You Snooze, You Lose

If a departing employee threatens irreparable harm to your company’s competitive position, then you must act quickly. Once trade secrets have been revealed, the damage has been done. Once customers switch sides, a court will not order them back. Send out cease and desist letters at the first sign of possible violation, and be prepared to run to court for temporary restraining orders or preliminary injunctions. Sometimes even the most vigilant employers may not uncover a noncompete violation until the term of the noncompete is nearly over. Consider adding to your noncompetes provisions extending the term of the employment restrictions for the period in which the employee is violating them, and tolling the expiration of the restrictions upon the filing of any lawsuit in which the noncompete is challenged. An employer that delays in asserting its rights may lose them.

Wash Your Hands

Enforcing noncompetes is a matter of equity. When you come to court seeking equitable relief, you must have “clean hands,” to be perceived as having acted responsibly and now deserving of aid. Pleas for help may fall on deaf ears if your company has not done much to help itself by, for example, taking appropriate security measures or too broadly drafting the restrictions it seeks to enforce. Similarly, employers will have a more difficult time enforcing noncompetes if they do so late, inconsistently, or after breaching employee agreements or terminating employees involuntarily. Consider adding to your noncompetes specific statements about the legitimate purpose of the employment restrictions. Ask employees to acknowledge that the restrictions are necessary to protect the company’s assets, reasonable in scope, and unlikely to interfere with the employee’s ability to earn a living or pursue a chosen career.

Follow Your Instincts

If you suspect a former employee may be competing unfairly, do not wait for the evidence to come to you. Investigate. Follow the trail. Use a forensic team to track the employee’s e-mail, check her computer hard drive and review other electronic records. Interview her colleagues; talk with trustworthy customers. You may find that smoking gun.

Do Not Be Shy

Noncompetes should not be hidden or downplayed. They must be communicated, internally and externally, to be effective. Employees must be aware of their post-employment obligations while they are still employed.
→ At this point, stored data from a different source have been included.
Definition potE (u : 'I_M -> R) : R := hstep * \sum_(j < M) V (xgrid j) * u j ^+ 2.
Definition Q_h (u : 'I_M -> R) : R := 2^-1 * semi2_1h u + potE u + omega * nrm2_h u.
Definition lam_h (u : 'I_M -> R) : R := Q_h u / (pnorm_h (p + 1) u) `^ (p + 1).

End FullyDiscrete.

Definition lambda0' (R : realType) (x0 L : R) (M : nat) (V : R -> R) : R :=
  inf [set 2^-1 * semi2_1h x0 L u + potE x0 L V u | u in [set u : 'I_M -> R | nrm_h L u = 1]].

From HB Require Import structures.
From mathcomp Require Import all_boot all_order all_algebra.
From mathcomp Require Import all_classical all_reals all_analysis.
From mathcomp Require Import ring lra.
Set Implicit Arguments. Unset Strict Implicit. Unset Printing Implicit Defensive.
Import Order.TTheory GRing.Theory Num.Theory.
Local Open Scope ring_scope.

(* Write [ut = u - tau mu] and [N = ||ut||_{h,p+1}].  Expanding the quadratic form [Q_h] around
   [u], with the symmetry of [D_xx] and the defining equation of [mu], gives the exact identity
     Q_h(ut) - Q_h(u) + 2 lam tau <|u|^(p-1) u, mu>_h + X / 2
       = tau^2 h sum_j mu_j^2 (V_j + omega - 2 alpha + 1/2),
   where [X] is the numerator of the claimed bound; the choice of [alpha] makes the right-hand side
   nonpositive.  As [||u||_{h,p+1} = 1], [lam = Q_h(u)], and Young's inequality for the exponents
   [p + 1] and [(p + 1) / p] gives [1 - tau <|u|^(p-1) u, mu>_h = <|u|^(p-1) u, ut>_h <= N], hence
   [1 - 2 tau <|u|^(p-1) u, mu>_h <= N^2].  Since (A2') makes [Q_h] nonnegative, this yields
   [Q_h(ut) - N^2 Q_h(u) <= - X / 2], and dividing by [N^2] is the normalisation [u' = ut / N]. *)

Section Trig.
Variable R : realType.

Lemma is_derive_scale_shift (f : R -> R) (df c a x : R) :
  is_derive (c * (x - a)) 1 f df -> is_derive x 1 (fun y => f (c * (y - a))) (df * c).
Proof.
move=> Hf; apply: (@is_derive1_comp _ f (fun y => c * (y - a))) => //.
have := @is_deriveZ R R R (fun y : R => y - a) c x 1 1.
rewrite /GRing.scale /= mulr1; apply.
by have := @is_deriveB R R R id (cst a) x 1 1 0 _ _; rewrite subr0; apply.
Qed.

Lemma derive1_sum_shift n (f df : R -> R) (k a : R) (w c : 'I_n -> R) :
  (forall t : R, is_derive t 1 f (df t)) ->
  derive1 (fun y => k * \sum_(i < n) w i * f (c i * (y - a))) =
  fun x => k * \sum_(i < n) (w i * c i) * df (c i * (x - a)).
Proof.
move=> Hf; apply/funext => x; rewrite derive1E; apply: derive_val.
apply: (@is_deriveZ R R R _ k x 1).
have -> : (fun y => \sum_(i < n) w i * f (c i * (y - a))) =
    \sum_(i < n) (fun y => w i * f (c i * (y - a))).
  by apply/funext => y; rewrite fct_sumE.
apply: is_derive_sum => i; rewrite mulrAC -mulrA.
exact: (@is_deriveZ R R R _ (w i) x 1 _ (@is_derive_scale_shift f _ (c i) a x (Hf _))).
Qed.

End Trig.

Section Sym.
Variables (R : realType) (x0 L : R) (M : nat).

Lemma Dxx_cosine (j l : 'I_M) : Dxx x0 L j l =
  (M%:R)^-1 * \sum_(i < M.+1)
    ((acoef R M i)^-1 * (lfreq R M i * sigma L) * (lfreq R M i * sigma L)) *
    - cos (lfreq R M i * sigma L * (xgrid x0 L M j - xgrid x0 L M l)).
Proof.
rewrite /Dxx /phi (@derive1_sum_shift R _ cos (fun t => - sin t) _ _ _ _ (@is_derive_cos R)).
by rewrite (@derive1_sum_shift R _ (fun t => - sin t) (fun t => - cos t)).
Qed.

Lemma Dxx_sym (j l : 'I_M) : Dxx x0 L j l = Dxx x0 L l j.
Proof.
rewrite !Dxx_cosine; congr (_ * _); apply: eq_bigr => i _.
by rewrite -[xgrid _ _ _ j - _]opprB [_ * - (_ - _)]mulrN cosN.
Qed.
End Sym.

Section Energy.
Variables (R : realType) (x0 L : R) (M : nat) (V : R -> R) (omega : R).

Local Notation h := (hstep L M).
Local Notation D := (Dxx_app x0 L).
Local Notation W j := (V (xgrid x0 L M j) + omega).

Lemma Dxx_appZ (c : R) (f : 'I_M -> R) (j : 'I_M) :
  D (fun l => c * f l) j = c * D f j.
Proof. by rewrite /Dxx_app mulr_sumr; apply: eq_bigr => l _; ring. Qed.

Lemma Dxx_appB (f g : 'I_M -> R) (j : 'I_M) :
  D (fun l => f l - g l) j = D f j - D g j.
Proof. by rewrite /Dxx_app -sumrB; apply: eq_bigr => l _; ring. Qed.

Lemma sum_Dxx_appC (f g : 'I_M -> R) :
  \sum_j D f j * g j = \sum_j D g j * f j.
Proof.
rewrite /Dxx_app; under eq_bigr do rewrite mulr_suml.
under [RHS]eq_bigr do rewrite mulr_suml.
rewrite exchange_big /=; apply: eq_bigr => l _; apply: eq_bigr => j _.
by rewrite Dxx_sym; ring.
Qed.

(* One grid point of the energy identity, with [a = (D u)_j] and [b = (D mu)_j]; the
   right-hand side cancels after summation by symmetry of [D]. *)
Lemma energy_identity_pointwise (a b u m w g lam t al : R) :
  m = - 2^-1 * (a - t * b) + (w - lam * g) * u + al * ((u - t * m) - u) ->
  (- 2^-1 * (a - t * b) * (u - t * m) + w * (u - t * m) ^+ 2
     - (- 2^-1 * a * u + w * u ^+ 2))
  + 2 * lam * t * g * u * m
  + (2^-1 * t ^+ 2 * m ^+ 2 - 2^-1 * t ^+ 2 * b * m + 2 * t * m ^+ 2)
  - t ^+ 2 * m ^+ 2 * (w - 2 * al + 2^-1) = 2^-1 * t * (b * u - a * m).
Proof.
move=> Hm.
have -> : a = t * b + 2 * ((w - lam * g) * u - al * t * m - m).
  have : 2 * m = - (a - t * b) + 2 * ((w - lam * g) * u) + 2 * (al * ((u - t * m) - u)).
    by rewrite {1}Hm; field.
  lra.
by field.
Qed.

Lemma energy_identity (u ut mu g : 'I_M -> R) (lam tau alpha : R) :
  (forall j, ut j = u j - tau * mu j) ->
  (forall j, mu j = - 2^-1 * D ut j + (W j - lam * g j) * u j + alpha * (ut j - u j)) ->
  Q_h x0 L V omega ut - Q_h x0 L V omega u
   + 2 * lam * tau * (h * \sum_j g j * u j * mu j)
   + (tau ^+ 2 * nrm2_1h x0 L mu + 4 * tau * nrm2_h L mu) / 2
  = h * \sum_j tau ^+ 2 * mu j ^+ 2 * (W j - 2 * alpha + 2^-1).
Proof.
move=> Hut; have {Hut} -> : ut = (fun l => u l - tau * mu l).
  by apply/funext => l; exact: Hut.
have Dut j : D (fun l => u l - tau * mu l) j = D u j - tau * D mu j.
  by rewrite Dxx_appB Dxx_appZ.
move=> Hmu.
have antisym : \sum_j 2^-1 * tau * (D mu j * u j - D u j * mu j) = 0.
  by rewrite -mulr_sumr sumrB sum_Dxx_appC subrr mulr0.
apply/eqP; rewrite -subr_eq0; apply/eqP.
transitivity (h * \sum_j 2^-1 * tau * (D mu j * u j - D u j * mu j));
  last by rewrite antisym mulr0.
rewrite /Q_h /nrm2_1h /semi2_1h /potE /nrm2_h /ip_h.
rewrite !(mulrDr, mulrDl, opprD, mulr_sumr, mulr_suml) -!sumrN -!big_split /=.
apply: eq_bigr => j _; have := Hmu j; rewrite Dut => /energy_identity_pointwise <-.
by field.
Qed.
End Energy.

Section QuadraticForm.
Variables (R : realType) (x0 L : R) (M : nat) (V : R -> R) (omega : R).

Local Notation h := (hstep L M).
Local Notation D := (Dxx_app x0 L).
Local Notation energy f := (2^-1 * semi2_1h x0 L f + potE x0 L V f).

Lemma nrm2_hZ (c : R) (f : 'I_M -> R) :
  nrm2_h L (fun j => c * f j) = c ^+ 2 * nrm2_h L f.
Proof.
rewrite /nrm2_h /ip_h [RHS]mulrCA [X in _ = _ * X]mulr_sumr.
by congr (_ * _); apply: eq_bigr => j _; ring.
Qed.

Lemma semi2_1hZ (c : R) (f : 'I_M -> R) :
  semi2_1h x0 L (fun j => c * f j) = c ^+ 2 * semi2_1h x0 L f.
Proof.
rewrite /semi2_1h /ip_h [RHS]mulrCA [X in _ = _ * X]mulr_sumr.
by congr (_ * _); apply: eq_bigr => j _; rewrite Dxx_appZ; ring.
Qed.

Lemma potEZ (c : R) (f : 'I_M -> R) :
  potE x0 L V (fun j => c * f j) = c ^+ 2 * potE x0 L V f.
Proof.
rewrite /potE [RHS]mulrCA [X in _ = _ * X]mulr_sumr.
by congr (_ * _); apply: eq_bigr => j _; ring.
Qed.

Lemma Q_hZ (c : R) (f : 'I_M -> R) :
  Q_h x0 L V omega (fun j => c * f j) = c ^+ 2 * Q_h x0 L V omega f.
Proof. by rewrite /Q_h semi2_1hZ potEZ nrm2_hZ; ring. Qed.

Lemma Q_h_eq0 (f : 'I_M -> R) : (forall j, f j = 0) -> Q_h x0 L V omega f = 0.
Proof.
move=> f0; have -> : f = (fun j => 0 * f j) by apply/funext => j; rewrite f0 mul0r.
by rewrite Q_hZ expr0n mul0r.
Qed.

Hypotheses (L_gt0 : 0 < L) (M_gt0 : (0 < M)%N).

Lemma hstep_gt0 : 0 < h.
Proof. by rewrite /hstep divr_gt0 // ltr0n. Qed.

Lemma nrm2_h_ge0 (f : 'I_M -> R) : 0 <= nrm2_h L f.
Proof.
rewrite /nrm2_h /ip_h; apply: mulr_ge0; first exact/ltW/hstep_gt0.
by apply: sumr_ge0 => j _; rewrite -expr2 sqr_ge0.
Qed.

Lemma nrm2_h_eq0 (f : 'I_M -> R) : nrm2_h L f = 0 -> forall j, f j = 0.
Proof.
rewrite /nrm2_h /ip_h => /eqP; rewrite mulf_eq0 gt_eqF ?hstep_gt0 //= => /eqP f0 j.
have /eqP : f j * f j = 0.
  by apply: (psumr_eq0P _ f0) => // i _; rewrite -expr2 sqr_ge0.
by rewrite mulf_eq0 orbb => /eqP.
Qed.

Lemma semi2_1h_lbound (v : 'I_M -> R) : nrm2_h L v = 1 ->
  - \sum_(j < M) \sum_(l < M) `|Dxx x0 L j l| <= semi2_1h x0 L v.
Proof.
rewrite /nrm2_h /ip_h => v1.
have h0 := hstep_gt0.
have hv2_le1 i : h * v i ^+ 2 <= 1.
  rewrite -v1 ler_pM2l // (bigD1 i) //= -expr2 lerDl sumr_ge0 // => j _.
  by rewrite -expr2 sqr_ge0.
rewrite /semi2_1h /ip_h big_distrr /= -sumrN; apply: ler_sum => j _.
have -> : h * (- D v j * v j) = \sum_l - (h * (Dxx x0 L j l * (v l * v j))).
  rewrite /Dxx_app -sumrN big_distrl big_distrr /=.
  by apply: eq_bigr => l _; ring.
rewrite -sumrN; apply: ler_sum => l _; rewrite lerN2.
have hvv_le1 : h * `|v l * v j| <= 1.
  have : 2 * `|v l * v j| <= v l ^+ 2 + v j ^+ 2.
    rewrite normrM -(real_normK (num_real (v l))) -(real_normK (num_real (v j))).
    have := sqr_ge0 (`|v l| - `|v j|); lra.
  have := hv2_le1 l; have := hv2_le1 j; nra.
have : Dxx x0 L j l * (v l * v j) <= `|Dxx x0 L j l| * `|v l * v j|.
  by rewrite -normrM ler_norm.
have := normr_ge0 (Dxx x0 L j l); have := normr_ge0 (v l * v j); nra.
Qed.

Lemma nrm_h_eq1 (f : 'I_M -> R) : nrm_h L f = 1 -> nrm2_h L f = 1.
Proof. by move=> f1; rewrite -(sqr_sqrtr (nrm2_h_ge0 f)) -/(nrm_h L f) f1 expr1n. Qed.

Hypothesis V_ge0 : forall x, 0 <= V x.

Lemma potE_ge0 (f : 'I_M -> R) : 0 <= potE x0 L V f.
Proof.
apply: mulr_ge0; first exact/ltW/hstep_gt0.
by apply: sumr_ge0 => j _; rewrite mulr_ge0 // sqr_ge0.
Qed.

(* [inf] of a set that is not bounded below is a junk value, so a lower bound is needed; the
   entrywise bound of [semi2_1h_lbound] is enough. *)
Lemma lambda0'_le_energy (v : 'I_M -> R) :
  nrm_h L v = 1 -> lambda0' x0 L M V <= energy v.
Proof.
move=> v1; apply: ge_inf; last by exists v.
exists (- (2^-1 * \sum_(j < M) \sum_(l < M) `|Dxx x0 L j l|)) => _ [w /nrm_h_eq1 w1 <-].
have := semi2_1h_lbound w1; have := potE_ge0 w; lra.
Qed.

Lemma Q_h_ge_lambda0' (f : 'I_M -> R) :
  (lambda0' x0 L M V + omega) * nrm2_h L f <= Q_h x0 L V omega f.
Proof.
have [f0|f_neq0] := eqVneq (nrm2_h L f) 0.
  by rewrite f0 mulr0 Q_h_eq0 //; exact: nrm2_h_eq0.
have s_gt0 : 0 < nrm_h L f by rewrite sqrtr_gt0 lt_def f_neq0 nrm2_h_ge0.
have s2 : nrm_h L f ^+ 2 = nrm2_h L f by rewrite sqr_sqrtr // nrm2_h_ge0.
set v := fun j => (nrm_h L f)^-1 * f j.
have v1 : nrm_h L v = 1.
  by rewrite /nrm_h nrm2_hZ -s2 exprVn mulVf ?sqrtr1 // sqrf_eq0 gt_eqF.
have := lambda0'_le_energy v1.
rewrite /v semi2_1hZ potEZ exprVn s2.
have n_gt0 : 0 < nrm2_h L f by rewrite -s2 exprn_gt0.
by rewrite [2^-1 * _]mulrCA -mulrDr ler_pdivlMl // /Q_h mulrDl mulrC lerD2r.
Qed.

Lemma Q_h_ge0 (f : 'I_M -> R) :
  - lambda0' x0 L M V < omega -> 0 <= Q_h x0 L V omega f.
Proof.
move=> omega_gt; apply: le_trans (Q_h_ge_lambda0' f).
by apply: mulr_ge0; [lra | exact: nrm2_h_ge0].
Qed.

End QuadraticForm.

Section PNorm.
Variables (R : realType) (L : R) (M : nat).
Hypothesis h_gt0 : 0 < hstep L M.

Local Notation h := (hstep L M).
Local Notation pnorm := (pnorm_h L).

Lemma pnorm_h_ge0 (q : R) (f : 'I_M -> R) : 0 <= pnorm q f.
Proof. exact: powR_ge0. Qed.

Lemma pnorm_h_powR (q : R) (f : 'I_M -> R) :
  0 < q -> pnorm q f `^ q = h * \sum_j `|f j| `^ q.
Proof.
move=> q_gt0; rewrite /pnorm_h -powRrM mulVf ?gt_eqF // powRr1 //.
by apply: mulr_ge0; [exact: ltW | apply: sumr_ge0 => j _; exact: powR_ge0].
Qed.

Lemma pnorm_hZ (q c : R) (f : 'I_M -> R) : 0 < q -> 0 <= c ->
  pnorm q (fun j => c * f j) = c * pnorm q f.
Proof.
move=> q_gt0 c_ge0; rewrite -[LHS]powRr1 ?pnorm_h_ge0 // -(@mulfV _ q) ?gt_eqF //.
rewrite powRrM pnorm_h_powR //.
have -> : h * \sum_j `|c * f j| `^ q = c `^ q * pnorm q f `^ q.
  rewrite pnorm_h_powR // [RHS]mulrCA [X in _ = _ * X]mulr_sumr.
  by congr (_ * _); apply: eq_bigr => j _; rewrite normrM ger0_norm // powRM.
by rewrite -powRM ?pnorm_h_ge0 // -powRrM mulfV ?gt_eqF // powRr1 // mulr_ge0 ?pnorm_h_ge0.
Qed.

Lemma pnorm_h_normalized (q : R) (f : 'I_M -> R) : 0 < q ->
  (forall j, f j / pnorm q f = 0) \/ pnorm q (fun j => f j / pnorm q f) = 1.
Proof.
move=> q_gt0; have [N0|N_neq0] := eqVneq (pnorm q f) 0.
  by left => j; rewrite N0 invr0 mulr0.
right; under eq_fun do rewrite mulrC.
by rewrite pnorm_hZ ?invr_ge0 ?pnorm_h_ge0 // mulVf.
Qed.

Variable p : R.
Hypothesis p_gt0 : 0 < p.

Lemma powR_norm_mul_self (x : R) : `|x| `^ (p - 1) * x * x = `|x| `^ (p + 1).
Proof.
have -> : `|x| `^ (p - 1) * x * x = `|x| * (`|x| * `|x| `^ (p - 1)).
  by rewrite -mulrA -[x * x]expr2 -real_normK ?num_real //; ring.
rewrite mulr_powRB1 //.
by have := mulr_powRB1 (normr_ge0 x) (addr_gt0 p_gt0 ltr01); rewrite addrK.
Qed.
(* Consider the wireless network model described in the context. For any scheduling policy $\pi \in \Pi$ and every link $e \in E$, \[ \lim_{t \to \infty} \mathbb{E}\left[\frac{1}{t}\sum_{\tau=0}^{t-1} U_e(\tau) S_e(\tau) A_e(\tau)\right] = 1 . \]
   Context: A wireless network is a directed graph $G=(V,E)$ with finite link set $E$. Time is slotted, $t = 0,1,2,\dots$. A collection $\mathcal{A}$ of subsets of $E$ (feasible activation sets) is given. In each slot $t$ a scheduling policy chooses a set $m_t \in \mathcal{A}$; $U_e(t) = \mathbb{I}\{e \in m_t\} \in \{0,1\}$. The channel state $S_e(t) \in \{0,1\}$ of link $e$ is i.i.d. across time with $\gamma_e = \Pr[S_e(t) = 1] > 0$; a transmission on $e$ at time $t$ succeeds iff $U_e(t)S_e(t)=1$. The age of link $e$ evolves as $A_e(t+1) = 1 + A_e(t) - U_e(t)S_e(t)A_e(t)$ (so it resets to $1$ after a successful transmission and otherwise increases by $1$). The scheduler does not know the current channel state: $m_t$ is chosen (possibly randomly) as a function of the history $\mathcal{H}(t) = \{\mathbf{U}(\tau), \mathbf{A}(\tau') : 0 \le \tau < t,\ 0 \le \tau' \le t\}$, so $S_e(t)$ is independent of $U_e(t)$ and $A_e(t)$. The link activation frequency of a policy $\pi$ is $f_e(\pi) = \lim_{t\to\infty}\frac{1}{t}\sum_{\tau=0}^{t-1}\mathbb{I}\{e \in m_\tau, m_\tau \in \mathcal{A}\}$, and $\Pi$ denotes the class of such policies for which $f_e(\pi)$ exists and is positive for every $e \in E$. *)

From HB Require Import structures.
From mathcomp Require Import all_boot all_order all_algebra.
From mathcomp Require Import all_classical all_reals all_analysis.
When employees are leaving, post-employment obligations should be discussed during exit interviews and brought to the attention of new employers. Consider including in your noncompetes provisions requiring departing employees to notify you of their new employment and to notify new employers of their legal obligations to your company. Prompt communication will often result in prompt resolutions.

Bring It On!

Noncompetes prohibit only unfair competition. Employers should make it clear that they welcome a fair fight. Do not overreach or appear vindictive, seeking to prevent the former employee from finding any employment anywhere. At the same time, companies should not have to subsidize their competitors with misappropriated trade secrets or customer relationships. Thus, identify the legitimate business interests you need to protect, choose carefully what post-employment restrictions you require to protect those interests, and then enforce those restrictions promptly and consistently. In that context, noncompetes are a laudable, effective means of promoting sound business practices and preventing unfair competition.